At the end of the day, somewhat surprisingly, about the only thing really going for the Solstice was that it was really good looking. General Motor's mid to late 2000's styling department hit one over the fence with these things. Problem was in their efforts to build an affordable, four-cylinder Corvette, they forgot to dial in some fun. Perhaps the upgraded GXP version with it's turbo-charged engine and heavier duty suspension offers more of what I'd be looking for but as is, the Solstice was remarkably unremarkable.
Handling was vague, numb even. Sure, the car did what I asked but it was way more Fox-body Ford Mustang than Mini Cooper agile; '77 Corvette agile now that I think about it. Or at least the feeling of agility. In a car I find fun, it really doesn't matter to me if the car can actually do what it feels like it might be doing; if I'm having a good time I like it.

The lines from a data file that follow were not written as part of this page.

(* Let $I,J\subset[n]$ be nonempty with $I\cup J=[n]$ and $I\cap J=\emptyset$, and let $x,a\in(\mathbb{R}\cup\{-\infty\})^n$, neither identically $-\infty$. Then $$\operatorname{dist}_H(x,\mathcal H^{IJ}_a)=\Big|\max_{i\in I}(x_i+a_i)-\max_{j\in J}(x_j+a_j)\Big|$$ if at least one of these two maxima is finite, and $\operatorname{dist}_H(x,\mathcal H^{IJ}_a)=0$ otherwise.
   Context: $-\infty+c=-\infty$; $|\pm\infty|=+\infty$. The signed tropical hyperplane of type $(I,J)$ is $\mathcal H^{IJ}_a=\{y\in(\mathbb{R}\cup\{-\infty\})^n:\max_{i\in I}(a_i+y_i)=\max_{j\in J}(a_j+y_j)\}$. Hilbert's projective metric: $d(x,y)=\inf\{\lambda-\mu:\lambda,\mu\in\mathbb{R},\ \mu+y_l\le x_l\le\lambda+y_l\ \forall l\}\in[0,+\infty]$ (and $d(\bot,\bot)=0$); $\operatorname{dist}_H(x,B)=\inf_{y\in B}d(x,y)$. *)

(* Vectors in (R ∪ {-oo})^n are modelled as
   'I_n -> \bar R with every entry different from +oo. *)
From HB Require Import structures.
From mathcomp Require Import all_boot all_order all_algebra.
From mathcomp Require Import all_classical all_reals.
From mathcomp Require Import ereal.
Set Implicit Arguments. Unset Strict Implicit. Unset Printing Implicit Defensive.
Import Order.TTheory GRing.Theory Num.Theory.
Local Open Scope classical_set_scope.
Local Open Scope ring_scope.
Local Open Scope ereal_scope.

Definition trop_vec (R : realType) (n : nat) (y : 'I_n -> \bar R) : Prop :=
  forall l, y l != +oo.

Definition is_bot (R : realType) (n : nat) (y : 'I_n -> \bar R) : Prop :=
  forall l, y l = -oo.

Definition tmax (R : realType) (n : nat) (K : {set 'I_n})
  (u v : 'I_n -> \bar R) : \bar R :=
  \big[maxe/-oo]_(i in K) (u i + v i).

Definition trop_hyperplane (R : realType) (n : nat) (I J : {set 'I_n})
  (a : 'I_n -> \bar R) : set ('I_n -> \bar R) :=
  [set y | trop_vec y /\ tmax I a y = tmax J a y].

(* Hilbert's projective metric, with d(⊥,⊥) = 0 and inf ∅ = +oo *)
Definition hilbert (R : realType) (n : nat) (x y : 'I_n -> \bar R) : \bar R :=
  if `[< is_bot x /\ is_bot y >] then 0
  else ereal_inf [set e | exists lam mu : R,
         (forall l, mu%:E + y l <= x l /\ x l <= lam%:E + y l) /\
         e = (lam - mu)%:E].

Definition distH (R : realType) (n : nat) (x : 'I_n -> \bar R)
  (B : set ('I_n -> \bar R)) : \bar R :=
  ereal_inf [set hilbert x y | y in B].

From HB Require Import structures.
From mathcomp Require Import all_boot all_order all_algebra.
From mathcomp Require Import all_classical all_reals.
From mathcomp Require Import ereal.
From mathcomp Require Import lra.
Set Implicit Arguments. Unset Strict Implicit. Unset Printing Implicit Defensive.
Import Order.TTheory GRing.Theory Num.Theory.
Local Open Scope classical_set_scope.
Local Open Scope ring_scope.
Local Open Scope ereal_scope.

(* A vector y of the hyperplane with mu + y <= x <= lam + y places both
   max_I (x + a) and max_J (x + a) in the window [mu + M, lam + M], where M is
   the common value of max_I (y + a) and max_J (y + a); hence their gap is at
   most lam - mu, i.e. at most d(x, y).  Conversely, when both maxima are finite,
   subtracting their gap c from the I-coordinates of x lands in the hyperplane
   at distance |c|.  When both are -oo, x itself lies in the hyperplane. *)

Section tropical_max.
Variables (R : realType) (n : nat).
Implicit Types (K L : {set 'I_n}) (u v a x : 'I_n -> \bar R).

Lemma bigmaxeDl K (F : 'I_n -> \bar R) (c : \bar R) :
  c + \big[maxe/-oo]_(i in K) F i = \big[maxe/-oo]_(i in K) (c + F i).
Proof.
apply: (big_morph (fun z => c + z)); last exact: addeNy.
by move=> s t; rewrite adde_maxr.
Qed.

Lemma tmaxC K u v : tmax K u v = tmax K v u.
Proof. by apply: eq_bigr => i _; rewrite addeC. Qed.

Lemma tmaxDl K u a (c : \bar R) :
  c + tmax K u a = tmax K (fun l => c + u l) a.
Proof. by rewrite /tmax bigmaxeDl; apply: eq_bigr => i _; rewrite addeA. Qed.

Lemma le_tmax K u v a : (forall l, u l <= v l) -> tmax K u a <= tmax K v a.
Proof. by move=> uv; apply: le_bigmax2 => i _; rewrite leeD2r. Qed.

Lemma tmax_neq_pinfty K u v : trop_vec u -> trop_vec v -> tmax K u v != +oo.
Proof.
move=> tu tv; apply: (big_ind (fun z => z != +oo)) => // [s t ? ?|i _].
  by rewrite /Order.max; case: ifP.
by move: (tu i) (tv i); case: (u i); case: (v i).
Qed.

Definition shift_on K (c : R) x : 'I_n -> \bar R :=
  fun l => if l \in K then x l + c%:E else x l.

Lemma trop_vec_shift_on K c x : trop_vec x -> trop_vec (shift_on K c x).
Proof. by move=> tx l; rewrite /shift_on; case: ifP => _; move: (tx l); case: (x l). Qed.

Lemma tmax_shift_on K c x a : tmax K (shift_on K c x) a = tmax K x a + c%:E.
Proof.
by rewrite addeC tmaxDl; apply: eq_bigr => i iK; rewrite /shift_on iK (addeC (x i)).
Qed.

Lemma tmax_shift_on_disjoint K L c x a : (K :&: L)%SET = finset.set0 ->
  tmax L (shift_on K c x) a = tmax L x a.
Proof.
move=> KL0; apply: eq_bigr => i iL; rewrite /shift_on.
by have /setP/(_ i) := KL0; rewrite !inE iL andbT => ->.
Qed.

Lemma abse_sub_le_window (A B M : \bar R) (lam mu : R) :
  M != +oo -> (A \is a fin_num \/ B \is a fin_num) ->
  mu%:E + M <= A <= lam%:E + M -> mu%:E + M <= B <= lam%:E + M ->
  `|A - B| <= (lam - mu)%:E.
Proof.
move=> Mfin ABfin /andP[AM MA] /andP[BM MB].
case: A ABfin AM MA => [A| |]; case: B BM MB => [B| |];
  case: M Mfin => [M| |] //= _; last by move=> _ _ [].
rewrite !lee_fin => ? ? _ ? ?.
by rewrite ler_norml; apply/andP; split; lra.
Qed.

End tropical_max.

Section hilbert_metric.
Variables (R : realType) (n : nat).
Implicit Types (K : {set 'I_n}) (x y : 'I_n -> \bar R) (B : set ('I_n -> \bar R)).

Lemma hilbertE x y : ~ is_bot x -> hilbert x y = ereal_inf [set e | exists lam mu : R,
  (forall l, mu%:E + y l <= x l /\ x l <= lam%:E + y l) /\ e = (lam - mu)%:E].
Proof. by move=> nbx; rewrite /hilbert asboolF // => -[]. Qed.

Lemma hilbert_ub x y (lam mu : R) : ~ is_bot x ->
  (forall l, mu%:E + y l <= x l /\ x l <= lam%:E + y l) ->
  hilbert x y <= (lam - mu)%:E.
Proof.
by move=> nbx xy; rewrite hilbertE //; apply: ereal_inf_lbound; exists lam, mu.
Qed.

Lemma hilbert_lb x y z : ~ is_bot x ->
  (forall lam mu : R, (forall l, mu%:E + y l <= x l /\ x l <= lam%:E + y l) ->
    z <= (lam - mu)%:E) ->
  z <= hilbert x y.
Proof.
by move=> nbx zle; rewrite hilbertE //; apply/ereal_infP => _ [lam [mu [/zle ? ->]]].
Qed.

Lemma finite_entry x : trop_vec x -> ~ is_bot x -> exists l, x l \is a fin_num.
Proof.
move=> tx nbx; apply: contrapT => nofin; apply: nbx => l.
by move: (tx l); case E: (x l) => [r| |] // _; case: nofin; exists l; rewrite E.
Qed.

Lemma hilbert_ge0 x y : trop_vec x -> ~ is_bot x -> 0 <= hilbert x y.
Proof.
move=> tx nbx; apply: hilbert_lb => // lam mu xy.
have [l] := finite_entry tx nbx; case: (xy l).
by case: (x l) => [r| |] //; case: (y l) => [s| |] //=; rewrite !lee_fin => ? ? _; lra.
Qed.

Lemma hilbert_shift_on x K c : ~ is_bot x -> hilbert x (shift_on K c x) <= `|c|%:E.
Proof.
move=> nbx; have [c0|c0] := lerP 0 c.
- rewrite (_ : `|c| = 0 - - c)%R; last by rewrite ger0_norm // sub0r opprK.
  apply: hilbert_ub => // l; rewrite /shift_on.
  by case: ifP => _; case: (x l) => [r| |] //=; rewrite !lee_fin; split; lra.
- rewrite (_ : `|c| = - c - 0)%R; last by rewrite ltr0_norm // subr0.
  apply: hilbert_ub => // l; rewrite /shift_on.
  by case: ifP => _; case: (x l) => [r| |] //=; rewrite !lee_fin; split; lra.
Qed.

Lemma hilbert_refl x : trop_vec x -> ~ is_bot x -> hilbert x x = 0.
Proof.
move=> tx nbx; apply/le_anti; rewrite hilbert_ge0 // andbT.
apply: le_trans (hilbert_ub (lam := 0%R) (mu := 0%R) nbx _) _; last by rewrite subrr.
by move=> l; rewrite add0e.
Qed.

Lemma distH_ub x B y : B y -> distH x B <= hilbert x y.
Proof. by move=> By; apply: ereal_inf_lbound; exists y. Qed.

Lemma distH_lb x B z : (forall y, B y -> z <= hilbert x y) -> z <= distH x B.
Proof. by move=> zle; apply/ereal_infP => _ [y /zle ? <-]. Qed.

End hilbert_metric.

Section hyperplane.
Variables (R : realType) (n : nat) (I J : {set 'I_n}).
Implicit Types (x y a : 'I_n -> \bar R).

Lemma hilbert_hyperplane_ge x a y : trop_vec a -> ~ is_bot x ->
  trop_hyperplane I J a y ->
  (tmax I x a \is a fin_num \/ tmax J x a \is a fin_num) ->
  `|tmax I x a - tmax J x a| <= hilbert x y.
Proof.
move=> ta nbx [ty yIJ] xfin; apply: hilbert_lb => // lam mu xy.
have window K : mu%:E + tmax K y a <= tmax K x a <= lam%:E + tmax K y a.
  by rewrite !tmaxDl; apply/andP; split; apply: le_tmax => l; case: (xy l).
apply: (abse_sub_le_window (M := tmax I y a)); first exact: tmax_neq_pinfty.
- exact: xfin.
- exact: window.
- by rewrite [tmax I y a]tmaxC yIJ tmaxC; exact: window.
Qed.

Lemma distH_hyperplane_le x a (A B : R) :
  (I :&: J)%SET = finset.set0 -> trop_vec x -> ~ is_bot x ->
  tmax I x a = A%:E -> tmax J x a = B%:E ->
  distH x (trop_hyperplane I J a) <= `|A - B|%:E.
Proof.
move=> IJ0 tx nbx xIA xJB; set y := shift_on I (B - A) x.
have yIJ : tmax I a y = tmax J a y.
  rewrite tmaxC tmax_shift_on xIA tmaxC tmax_shift_on_disjoint // xJB.
  by congr (_%:E); lra.
apply: le_trans (distH_ub _ (conj (trop_vec_shift_on _ _ tx) yIJ)) _.
by rewrite distrC; exact: hilbert_shift_on.
Qed.

End hyperplane.

Theorem proposition5p3 (R : realType) (n : nat) (I J : {set 'I_n})
  (x a : 'I_n -> \bar R) :
  I != finset.set0 -> J != finset.set0 ->
  (I :|: J)%SET = finset.setT -> (I :&: J)%SET = finset.set0 ->
  trop_vec x -> trop_vec a -> ~ is_bot x -> ~ is_bot a ->
  ((tmax I x a \is a fin_num \/ tmax J x a \is a fin_num) ->
     distH x (trop_hyperplane I J a) = `|tmax I x a - tmax J x a|) /\
  (~ (tmax I x a \is a fin_num \/ tmax J x a \is a fin_num) ->
     distH x (trop_hyperplane I J a) = 0).
Proof.
move=> _ _ _ IJ0 tx ta nbx _.
have lower : tmax I x a \is a fin_num \/ tmax J x a \is a fin_num ->
    `|tmax I x a - tmax J x a| <= distH x (trop_hyperplane I J a).
  by move=> xfin; apply: distH_lb => y yH; exact: hilbert_hyperplane_ge.
move: lower (tmax_neq_pinfty I tx ta) (tmax_neq_pinfty J tx ta).
case EA: (tmax I x a) => [A| |]; case EB: (tmax J x a) => [B| |] //= lower _ _.
- split=> [xfin|[]]; last by left.
  by apply/le_anti; rewrite lower ?andbT; [exact: distH_hyperplane_le | left].
- split=> [xfin|[]]; last by left.
  by apply/le_anti; rewrite leey lower //; left.
- split=> [xfin|[]]; last by right.
  by apply/le_anti; rewrite leey lower //; right.
- split=> [[] //|_].
  have xH : trop_hyperplane I J a x by split; rewrite // !(tmaxC _ a) EA EB.
  apply/le_anti/andP; split; last by apply: distH_lb => y _; exact: hilbert_ge0.
  by rewrite -(hilbert_refl tx nbx); exact: distH_ub.
Qed.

The biggish four-cylinder chugged amply enough but it was fairly industrial. Felt and sounded like a powerful farm implement rather than a purpose built, sporting machine. Transmission shifter felt much better than I thought it would seeing it's a parts bin unit borrowed from the Chevrolet Colorado pickup truck. Kid you not. Road test gas mileage estimates are an unimpressive twenty-five miles per gallon. No wonder there's a cottage industry that swaps Corvette V-8 engines into these things; those cars might get better mileage and have more than twice the horsepower.
What really killed the deal for me was that you sit very low in these cars. You sit low in most sports cars but with this thing I felt like I was sitting in a bathtub and I felt as though I had to look up to see over the dash. You sit even lower in one of these if it doesn't have a power seat adjuster. Despite that, no matter how low I sat in this thing, with the top down I had the feeling the top of the windshield was going to put a guillotine blade through the middle of my forehead; it's an odd optical illusion of sorts that I also experience somewhat with my '77 Corvette with the tops out but whereas I feel our Corvette was built to fit a five-foot-nine inch person comfortably, no matter how I tried I could not get myself comfortable in a Solstice.
Who knows where this search will lead us. The Monte Carlo has nearly 230,000 miles on it and is still running strong and gets a consistent twenty-six miles per gallon. It needs rear tires, rear brakes, could use struts all around, the AC condenser is leaking and the catalytic converter needs to be replaced and while that sounds like a lot and more normal people would get rid of a car this old, most people don't have the commute that I do that will burn up anything else I get. Who knows. Maybe the delta variant will post-pone my return to commuting everyday until after the first of the year. That would push off the "new-car" search even longer.
All I know is that my next car won't be a Pontiac Solstice. The dictionary defines a solstice as either of the two points of the ecliptic at which its distance from the celestial equator is greatest and which is reached by the sun each year about June 21 and December 21. In automotive terms I surmise it to mean, "disappointing".